BB: I love your answer/geek-out session above, and your insights about the long (long) history of shaming and demonizing women for any sexual and reproductive agency. Pasiphaë’s story and your identification with her deepens the poem for me, but I think I also “got it” through the power of your imagery and the way you broke the stanzas. And yes, what we bring into being, by hard-fought choices and struggles, is absolutely our own. I’m really interested in the false dichotomy we draw between nature and nurture; the way I heard an evolutionary biologist explain this is that we are “natured by our nurture.” In other words, the nurturing that happens after a child is born (or when the child is in utero) is also part of that child’s biology. Epigenetics suggests that, in fact, our environments and experiences can actually alter gene expression—so every child is raised by biological and some would even say genetic parents.

It’s interesting to me that our books came together in such similar ways. I also wrote about half of my book, or maybe a little less, before I was pregnant, in part to find community around my experience of childlessness but also to find answers: why was I resistant to assisted reproduction? Would I have the same resistance if certain barriers (cultural, financial), did not stand in my way? What were the (higher) barriers faced by other people?

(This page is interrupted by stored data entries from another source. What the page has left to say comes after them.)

(* Writing n for the positive quartic
   -(negative part), D = detC n and K = kap n M, the quartic q = (D/K) M^4 - n has the
   adjugate form g of n at M in the kernel of its catalecticant; g has two real roots,
   so q is a combination of their fourth powers. *)
Lemma three_powers (M : term) (N : list term) (l0 : R) :
  pairwise_indep N -> (forall t, In t N -> t_lam t < 0) -> (3 <= length N)%nat ->
  (forall t, In t N -> tdet M t <> 0) ->
  exists l, (length l <= 3)%nat /\ qsum l = qadd (qscale l0 (term_pow4 M)) (qsum N).
Proof.
  intros HN Hneg HL HM.
  set (ma := t_alpha M). set (mb := t_beta M).
  set (P := negL N). set (n := qsum P).
  assert (HP : allpos P).
  { intros t Ht. apply in_map_iff in Ht. destruct Ht as [v [<- Hv]].
    specialize (Hneg v Hv). unfold tneg, t_lam in *; simpl; lra. }
  assert (HPM : forall t, In t P -> dd ma mb (t_alpha t) (t_beta t) <> 0).
  { intros t Ht. apply in_map_iff in Ht. destruct Ht as [v [<- Hv]]. apply (HM v Hv). }
  assert (HD : 0 < detC n).
  { destruct N as [|t1 [|t2 [|t3 r]]]; simpl in HL; try lia.
    destruct HN as [H1 [H2 _]].
    apply detC_pos; auto.
    - exact (H1 t2 (or_introl eq_refl)).
    - exact (H1 t3 (or_intror (or_introl eq_refl))).
    - change (tdet t3 t2 <> 0). rewrite tdet_anti. intro E.
      apply (H2 t3 (or_introl eq_refl)). lra. }
  assert (HK : 0 < kap n ma mb).
  { destruct N as [|t1 [|t2 [|t3 r]]]; simpl in HL; try lia.
    destruct HN as [H1 _].
    apply kap_pos; auto.
    - apply HPM; simpl; auto.
    - apply HPM; simpl; auto.
    - change (tdet t2 t1 <> 0). rewrite tdet_anti. intro E.
      apply (H1 t2 (or_introl eq_refl)). lra. }
  set (g := adjq n ma mb).
  set (s := detC n / kap n ma mb).
  set (q := qadd (qscale s (term_pow4 M)) (qscale (-1) n)).
  assert (Kernel : forall u, cat q u g = 0).
  { intros u. unfold q. rewrite cat_add, !cat_scale. unfold term_pow4. rewrite cat_pow4.
    unfold g. rewrite cat_adjq. fold ma mb. fold (kap n ma mb). unfold s. field. lra. }
  destruct (factor_of_discr g (adjq_discr_pos P ma mb HP HPM HD HK))
    as [k [a1 [b1 [a2 [b2 [Hk [Hd Hg]]]]]]].
  destruct (two_powers q a1 b1 a2 b2 Hd) as [c1 [c2 Hq]].
  { intros u. apply (Rmult_eq_reg_l k); auto. rewrite <- cat_qdscale, <- Hg, Kernel. ring. }
  exists [(l0 - s, ma, mb); (c1, a1, b1); (c2, a2, b2)]. split; [simpl; lia|].
  assert (Hn : qsum N = qscale (-1) n)
    by (unfold n, P; rewrite qsum_negL, qscale_opp_involutive; auto).
  assert (Split : qadd (qscale l0 (term_pow4 M)) (qsum N) = qadd (qscale (l0 - s) (term_pow4 M)) q)
    by (rewrite Hn; unfold q; apply Quartic_ext; simpl; ring).
  rewrite Split, Hq.
  unfold ma, mb. apply Quartic_ext; simpl; unfold t_lam, t_alpha, t_beta; simpl; ring.
Qed.

(** * Every quartic has a small representation or one with badge (2,2) *)

Definition classified (h : Quartic) : Prop :=
  (exists l, small_rep h l) \/
  (exists l, represents h l /\ pairwise_indep l /\ cntpos l = 2%nat /\ cntneg l = 2%nat).

Lemma small_of_three (l : list term) : (length l <= 3)%nat -> exists l', small_rep (qsum l) l'.
Proof.
  intros Hl. destruct (make_honest l) as [l' [C [H [L S]]]].
  exists l'. split; [auto|split; [auto|split; [lia|auto]]].
Qed.

Lemma pos_neg_independent (l : list term) (tp t : term) : pairwise_indep l ->
  In tp (filter posf l) -> In t (filter negf l) -> tdet tp t <> 0.
Proof.
  intros H Hp Hn. apply In_filter_pos in Hp. apply In_filter_neg in Hn.
  apply (pairwise_indep_In l); try tauto. intros ->. lra.
Qed.

Lemma negatives_negative (l : list term) : forall t, In t (filter negf l) -> t_lam t < 0.
Proof. intros t Ht. apply In_filter_neg in Ht. tauto. Qed.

The summer after I published the first essay in the book, I thought I was done with medical treatment, though I was still attending my support group. I went to Virginia to be with my mother while she had an unnamed “female” surgery in a rural hospital; she wouldn’t tell me about the surgery, what was being done or why she needed it. I spent the night on a bench in her room as she recovered, thinking about my friends back home from the group, two of them going through their first IVFs. At some point in the evening—very late—I began to hear moaning and crying, and I thought “get these women some pain meds!” But then I heard smaller cries, and joyful exclamations, and I realized that we were in the middle of a maternity ward, and that babies were being born all around us. That experience of being witness to pain, while also feeling the pain of my own outsider status, my fear of exclusion from the communities of women I knew, was one that I knew that I wanted to write about, though I wasn’t sure how, or what the resolution would be, if any.

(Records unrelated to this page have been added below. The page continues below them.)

(* Each coordinate of L is a maximum of affine pieces; a piece is active at u if
   it attains that maximum.  If every piece active at w is also active at u, then
   u is optimal for every distribution p for which w is: near w, L grows along
   v - u at most at the slopes of pieces active at w; as these are active at u
   too, their p-weighted slopes sum to at most E(v) - E(u), which is negative if
   v beats u.  Moreover there is a uniform eps0 such that, for every u, all
   pieces active somewhere in the eps0-ball around u are simultaneously active
   at one point us.  This is because a finite family of pieces that is never
   jointly active cannot be approximately jointly active either: a finite linear
   system solvable with every positive slack is solvable exactly
   (Fourier-Motzkin).  A report elicited at us is then admissible for every
   level set U meeting the ball. *)

From HB Require Import structures.
From mathcomp Require Import all_boot all_order all_algebra.
From mathcomp Require Import boolp classical_sets reals.
From mathcomp Require Import ring lra.
Set Implicit Arguments.
Unset Strict Implicit.
Unset Printing Implicit Defensive.
Import Order.TTheory GRing.Theory Num.Theory.
Local Open Scope ring_scope.

Section SmallEnough.
Context {R : realType}.

Definition small_enough (P : R -> Prop) : Prop :=
  exists2 e, 0 < e & forall t, 0 < t -> t <= e -> P t.

Lemma small_enoughW (P Q : R -> Prop) :
  small_enough P -> (forall t, P t -> Q t) -> small_enough Q.
Proof. by move=> [e e_gt0 eP] PQ; exists e => // t t_gt0 /(eP _ t_gt0)/PQ. Qed.

Lemma small_enough_forall (I : finType) (P : I -> R -> Prop) :
  (forall i, small_enough (P i)) -> small_enough (fun t => forall i, P i t).
Proof.
move=> /(_ _)/cid2-/all_sig[e /all_and2[e_gt0 eP]].
exists (\big[Num.min/1]_i e i).
  by apply: (big_ind (fun x => 0 < x)) => // x y; rewrite lt_min => -> ->.
move=> t t_gt0 t_le i; apply: eP t_gt0 (le_trans t_le _).
by rewrite (bigD1 i) //= ge_min lexx.
Qed.

Lemma small_enough_mul_le (D g : R) : 0 < g -> small_enough (fun t => t * D <= g).
Proof.
move=> g_gt0; have D1_gt0 : 0 < `|D| + 1 by rewrite ltr_wpDl.
exists (g / (`|D| + 1)); first by rewrite divr_gt0.
move=> t t_gt0; rewrite ler_pdivlMr // => tD1_le.
have : t * D <= t * `|D| by rewrite ler_pM2l // ler_norm.
nra.
Qed.

End SmallEnough.

Section FourierMotzkin.
Context {R : realType}.

(* Vectors are indexed by [nat] so that the dimension can drop in the induction. *)
Definition dotn (n : nat) (a x : nat -> R) : R := \sum_(i < n) a i * x i.

Lemma dotnS n a x : dotn n.+1 a x = dotn n a x + a n * x n.
Proof. by rewrite /dotn big_ord_recr. Qed.

Lemma dotn_comb n (al be : R) a a' x :
  dotn n (fun k => al * a k + be * a' k) x = al * dotn n a x + be * dotn n a' x.
Proof.
rewrite /dotn !mulr_sumr -big_split; apply: eq_bigr => i _ /=.
by rewrite mulrDl !mulrA.
Qed.

Lemma eq_dotn n a x x' : (forall k, (k < n)%N -> x k = x' k) -> dotn n a x = dotn n a x'.
Proof. by move=> xx'; apply: eq_bigr => i _; rewrite xx'. Qed.

Section System.
Variables (n : nat) (I : finType) (a : I -> nat -> R) (b : I -> R).

Definition solvable : Prop := exists x, forall i, dotn n (a i) x <= b i.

My mother and I checked out the next morning. Back home in Walkerton we played Grey Gardens, got dressed up and petted and held my mother’s semi-feral kittens. I think that I needed to know that I would be okay if things did not work out as I had hoped, if I did not have a child. The capacity of the world to surprise us—to start the morning in a grim hospital room and end it in my mother’s sunny backyard, someplace I am completely comfortable and completely myself—is so reassuring. To find there something to think about, to write about. That was the moment I knew that I would be okay.